One night, driven by pain and a desperate need for… something, he didn’t know what, he ventured out, shuffling through the darkened streets towards the river, towards the blighted areas near the old mills. In the shadows near an abandoned railway bridge, he saw movement. Another figure, hunched and asymmetrical, moving with a similar stiff, uneven gait. Their eyes met across the derelict space – eyes that were clouded, mismatched, filled with a shared understanding of pain and transformation. The figure gave a slight, jerky nod, then melted back into the shadows. Aris wasn’t alone. How many others were there, hidden in the city’s decaying corners, living embodiments of the acid rain’s slow burn, a secret community of the warped and forgotten?

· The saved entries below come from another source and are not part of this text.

Lemma image_basis : basis_of fullv [:: e1 *m sigma; e2 *m sigma].
Proof.
rewrite basisEfree subvf dimvf /dim /= mul1n leqnn andbT.
rewrite -[[:: _; _]]/(map (fun b : bool => (if b then e2 else e1) *m sigma) [:: false; true]).
apply: (free_of_duals false (dual := fun b : bool => if b then tau2 else tau1)) => // - [] [] _ _.
all: by rewrite /= ?tau1_e1 ?tau2_e1 ?tau1_e2 ?tau2_e2.
Qed.

Section NormalBasis.
Variable s : seq ('rV[R]_m * 'rV[R]_m).
Hypotheses (s_in : forall p, blk_at I s p \in V)
  (s_span : (V <= <<[seq blk_at I s p | p : 'I_(size s) * 'I_4]>>)%VS)
  (s_tab : forall p p', Om e1 (blk_at I s p) (blk_at I s p') = (p.1 == p'.1)%:R * gram p.2 p'.2).

Local Notation n := (size s).

Definition vec (l : lbl n) : 'rV[R]_m :=
  match l with inl b => if b then e2 else e1 | inr p => blk_at I s p end.

Definition dual_coord (p : 'I_n * 'I_4) x := blk_coord I (Om e1) (nth (0, 0) s p.1) p.2 (P x).

Definition dual (l : lbl n) : 'cV[R]_m :=
  match l with inl b => if b then eps2 else eps1 | inr p => form_col (dual_coord p) end.

Definition nu : 'cV[R]_m := form_col (fun x => Om e1 e2 (P x)).

Lemma scalar_dual_coord p : scalar (dual_coord p).
Proof. exact/scalar_comp_P/scalar_blk_coord/trilinear3. Qed.

Lemma dual_coord_blk_at p p' : dual_coord p' (blk_at I s p) = (p == p')%:R.
Proof.
move: p p' => [k t] [k' t']; rewrite /dual_coord P_id // /blk_coord.
rewrite -[blk _ _ _]/(blk_at I s (k', partner t')) s_tab /gram partnerK /= xpair_eqE eq_sym.
rewrite -mulnb natrM.
have [->|_] := eqVneq t t'; last by rewrite /= !mulr0.
by rewrite /= !mulr1 mulrCA partner_sign_sqr mulr1.
Qed.

Lemma dual_vec l l' : ev (dual l') (vec l) = (l == l')%:R.
Proof.
case: l' => [b'|p']; case: l => [b|p].
- by case: b; case: b'; rewrite /= /eps1 /eps2 ev_mulmx ?tau1_e1 ?tau2_e1 ?tau1_e2 ?tau2_e2.
- by case: b'; rewrite /= ?eps1_V ?eps2_V.
- rewrite (ev_form_col (scalar_dual_coord p')) /dual_coord.
  apply: (lin_eq0 (scalar_blk_coord I (trilinear3 Om_tri e1) _ _)).
  by case: b; [exact: P_e2 | exact: P_e1].
- by rewrite (ev_form_col (scalar_dual_coord p')) dual_coord_blk_at.
Qed.

Lemma span_blocks : <<[seq vec (inr p) | p : 'I_n * 'I_4]>>%VS = V.
Proof.
apply/eqP; rewrite eqEsubv s_span andbT.
by apply/span_subvP => _ /imageP[p _ ->]; apply: s_in.
Qed.

Lemma vec_basis : basis_of fullv [seq vec l | l : lbl n].
Proof.
rewrite /basis_of eqEsubv subvf /=; apply/andP; split.
  have VX : (V <= <<[seq vec l | l : lbl n]>>)%VS.
    rewrite -span_blocks; apply/span_subvP => _ /imageP[p _ ->].
    by rewrite memv_span ?image_f.
  apply/subvP => x _; rewrite (decomp_e12 x) rpredD ?(subvP VX _ (P_V x)) //.
  rewrite -[e1]/(vec lE1) -[e2]/(vec lE2) rpredD ?rpredZ ?memv_span //.
  by apply/imageP; exists lE1.
  by apply/imageP; exists lE2.
rewrite -[[seq vec l | l : lbl n]]/(map vec (enum {: lbl n})).
apply: (free_of_duals lE1 (dual := dual)) => [|l l' _ _].
  exact: enum_uniq.
exact: dual_vec.
Qed.
(* Let $u,s,s',V,\alpha$ be real numbers and set $$\overline{u}=2u(s-s'),\qquad \gamma=\frac{s'}{6}(1-\alpha)-u(s-s')V.$$ Define \begin{align*} R_{0,0}&=Vsu-\tfrac12Vs-Vs'u+\tfrac16\alpha s'+su-\tfrac12 s-s'u-\tfrac16 s'+1,\\ R_{0,1}&=Vsu-\tfrac12Vs-Vs'u+\tfrac16\alpha s'+\tfrac13 s',\\ R_{0,2}&=Vsu-\tfrac12Vs-Vs'u+\tfrac16\alpha s'-su+\tfrac12 s+s'u-\tfrac16 s',\\ R_{1,0}&=-2Vsu+2Vs'u-\tfrac13\alpha s'-2su+2s'u+\tfrac13 s',\\ R_{1,1}&=-2Vsu+2Vs'u-\tfrac13\alpha s'-\tfrac23 s'+1,\\ R_{1,2}&=-2Vsu+2Vs'u-\tfrac13\alpha s'+2su-2s'u+\tfrac13 s',\\ R_{2,0}&=Vsu+\tfrac12Vs-Vs'u+\tfrac16\alpha s'+su+\tfrac12 s-s'u-\tfrac16 s',\\ R_{2,1}&=Vsu+\tfrac12Vs-Vs'u+\tfrac16\alpha s'+\tfrac13 s',\\ R_{2,2}&=Vsu+\tfrac12Vs-Vs'u+\tfrac16\alpha s'-su-\tfrac12 s+s'u-\tfrac16 s'+1. \end{align*} Then $R_{i,j}\ge 0$ for all $i,j\in\{0,1,2\}$ if and only if $$\max\bigl(s'-1,\,|\overline{u}|\bigr)\le 2\gamma\le \min\bigl(2-s-|\overline{u}-sV|,\; s-|\overline{u}+sV|,\; s'-|sV|\bigr).$$
   Context: The quantities $R_{i,j}$ are the entries of the relaxation matrix of the D1Q3 lattice Boltzmann scheme (velocities $-1,0,1$) with relative velocity $u$, advection velocity parameter $V$, equilibrium parameter $\alpha$ and relaxation parameters $s$ (for the first-order moment) and $s'$ (for the second-order moment); their non-negativity is equivalent to the relaxation step preserving non-negativity of the particle distributions. *)

From Stdlib Require Import Reals Lra.
Open Scope R_scope.

Definition ubar (u s s' : R) : R := 2 * u * (s - s').

Definition gamma (u s s' V alpha : R) : R := s' / 6 * (1 - alpha) - u * (s - s') * V.

Definition Rmat (u s s' V alpha : R) (i j : nat) : R :=
  match i, j with
  | 0%nat, 0%nat => V*s*u - 1/2*V*s - V*s'*u + 1/6*alpha*s' + s*u - 1/2*s - s'*u - 1/6*s' + 1
  | 0%nat, 1%nat => V*s*u - 1/2*V*s - V*s'*u + 1/6*alpha*s' + 1/3*s'
  | 0%nat, 2%nat => V*s*u - 1/2*V*s - V*s'*u + 1/6*alpha*s' - s*u + 1/2*s + s'*u - 1/6*s'
  | 1%nat, 0%nat => -2*V*s*u + 2*V*s'*u - 1/3*alpha*s' - 2*s*u + 2*s'*u + 1/3*s'
  | 1%nat, 1%nat => -2*V*s*u + 2*V*s'*u - 1/3*alpha*s' - 2/3*s' + 1
  | 1%nat, 2%nat => -2*V*s*u + 2*V*s'*u - 1/3*alpha*s' + 2*s*u - 2*s'*u + 1/3*s'
  | 2%nat, 0%nat => V*s*u + 1/2*V*s - V*s'*u + 1/6*alpha*s' + s*u + 1/2*s - s'*u - 1/6*s'
  | 2%nat, 1%nat => V*s*u + 1/2*V*s - V*s'*u + 1/6*alpha*s' + 1/3*s'
  | 2%nat, 2%nat => V*s*u + 1/2*V*s - V*s'*u + 1/6*alpha*s' - s*u - 1/2*s + s'*u - 1/6*s' + 1
  | _, _ => 0
  end.

(** In the variables [g = 2 gamma], [ubar] and [w = s V] every entry of the
    relaxation matrix is affine: the middle row is [g - ubar], [g + 1 - s'],
    [g + ubar], and the outer rows are halves of [2 - s - g -+ (w - ubar)],
    [s' - g -+ w], [s - g -+ (ubar + w)].  Nonnegativity of the nine entries is
    thus three lower and six upper linear bounds on [g], which the max/min/abs
    formulation packs together. *)

From Stdlib Require Import Reals Lra Lia.
Open Scope R_scope.

Lemma Rmax_le_iff (a b c : R) : Rmax a b <= c <-> a <= c /\ b <= c.
Proof.
  split.
  - intros H; split; eapply Rle_trans; [apply Rmax_l | exact H | apply Rmax_r | exact H].
  - intros [Ha Hb]; now apply Rmax_lub.
Qed.

Lemma Rle_Rmin_iff (c a b : R) : c <= Rmin a b <-> c <= a /\ c <= b.
Proof.
  split.
  - intros H; split; eapply Rle_trans; [exact H | apply Rmin_l | exact H | apply Rmin_r].
  - intros [Ha Hb]; now apply Rmin_glb.
Qed.

Lemma Rabs_le_iff (x y : R) : Rabs x <= y <-> - y <= x <= y.
Proof. unfold Rabs; destruct (Rcase_abs x); lra. Qed.

Lemma Rle_sub_Rabs_iff (c a x : R) : c <= a - Rabs x <-> c + x <= a /\ c - x <= a.
Proof.
  assert (Habs : c <= a - Rabs x <-> Rabs x <= a - c) by lra.
  rewrite Habs, Rabs_le_iff; lra.
Qed.

Definition Rmat_reduced (g ub w s s' : R) (i j : nat) : R :=
  match i, j with
  | 0%nat, 0%nat => (2 - s - g + ub - w) / 2
  | 0%nat, 1%nat => (s' - g - w) / 2
  | 0%nat, 2%nat => (s - g - ub - w) / 2
  | 1%nat, 0%nat => g - ub
  | 1%nat, 1%nat => g - s' + 1
  | 1%nat, 2%nat => g + ub
  | 2%nat, 0%nat => (s - g + ub + w) / 2
  | 2%nat, 1%nat => (s' - g + w) / 2
  | 2%nat, 2%nat => (2 - s - g - ub + w) / 2
  | _, _ => 0
  end.

Lemma Rmat_reduce (u s s' V alpha : R) (i j : nat) :
  Rmat u s s' V alpha i j =
  Rmat_reduced (2 * gamma u s s' V alpha) (ubar u s s') (s * V) s s' i j.
Proof.
  unfold Rmat, Rmat_reduced, gamma, ubar.
  destruct i as [|[|[|i]]]; destruct j as [|[|[|j]]]; field.
Qed.

Lemma Rmat_reduced_nonneg_iff (g ub w s s' : R) :
  (forall i j : nat, (i < 3)%nat -> (j < 3)%nat -> 0 <= Rmat_reduced g ub w s s' i j) <->
  (Rmax (s' - 1) (Rabs ub) <= g /\
   g <= Rmin (Rmin (2 - s - Rabs (ub - w)) (s - Rabs (ub + w))) (s' - Rabs w)).
Proof.
  rewrite Rmax_le_iff, !Rle_Rmin_iff, !Rle_sub_Rabs_iff, Rabs_le_iff.
  split.
  - intros H.
    pose proof (H 0 0 ltac:(auto) ltac:(auto))%nat.
    pose proof (H 0 1 ltac:(auto) ltac:(auto))%nat.
    pose proof (H 0 2 ltac:(auto) ltac:(auto))%nat.
    pose proof (H 1 0 ltac:(auto) ltac:(auto))%nat.
    pose proof (H 1 1 ltac:(auto) ltac:(auto))%nat.
    pose proof (H 1 2 ltac:(auto) ltac:(auto))%nat.
    pose proof (H 2 0 ltac:(auto) ltac:(auto))%nat.
    pose proof (H 2 1 ltac:(auto) ltac:(auto))%nat.
    pose proof (H 2 2 ltac:(auto) ltac:(auto))%nat.
    simpl in *; lra.
  - intros Hg i j Hi Hj.
    destruct i as [|[|[|i]]]; destruct j as [|[|[|j]]];
      simpl; lra || (exfalso; lia).
Qed.

Theorem proposition2 (u s s' V alpha : R) :
  (forall i j : nat, (i < 3)%nat -> (j < 3)%nat -> 0 <= Rmat u s s' V alpha i j) <->
  (Rmax (s' - 1) (Rabs (ubar u s s')) <= 2 * gamma u s s' V alpha /\
   2 * gamma u s s' V alpha <=
     Rmin (Rmin (2 - s - Rabs (ubar u s s' - s * V)) (s - Rabs (ubar u s s' + s * V)))
          (s' - Rabs (s * V))).
Proof.
  setoid_rewrite Rmat_reduce.
  apply Rmat_reduced_nonneg_iff.
Qed.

He never saw the figure again. He returned to his house, the knowledge a cold comfort, or perhaps just another layer of horror. The city outside went on, debating cleanup costs, celebrating minor environmental improvements, largely oblivious to the deeper scars, the living consequences hidden in its shadows. Aris sat by his window, watching a light rain begin to fall, streaking the dirty glass like tears on pitted stone. He looked at his hand, resting on the sill – grey, hardened, joints like pebbles, barely recognizable as human. The acid rain had stopped falling decades ago, but for him, and perhaps for others hidden in the dark, the burning had never truly ended. It was just working its way out from the inside.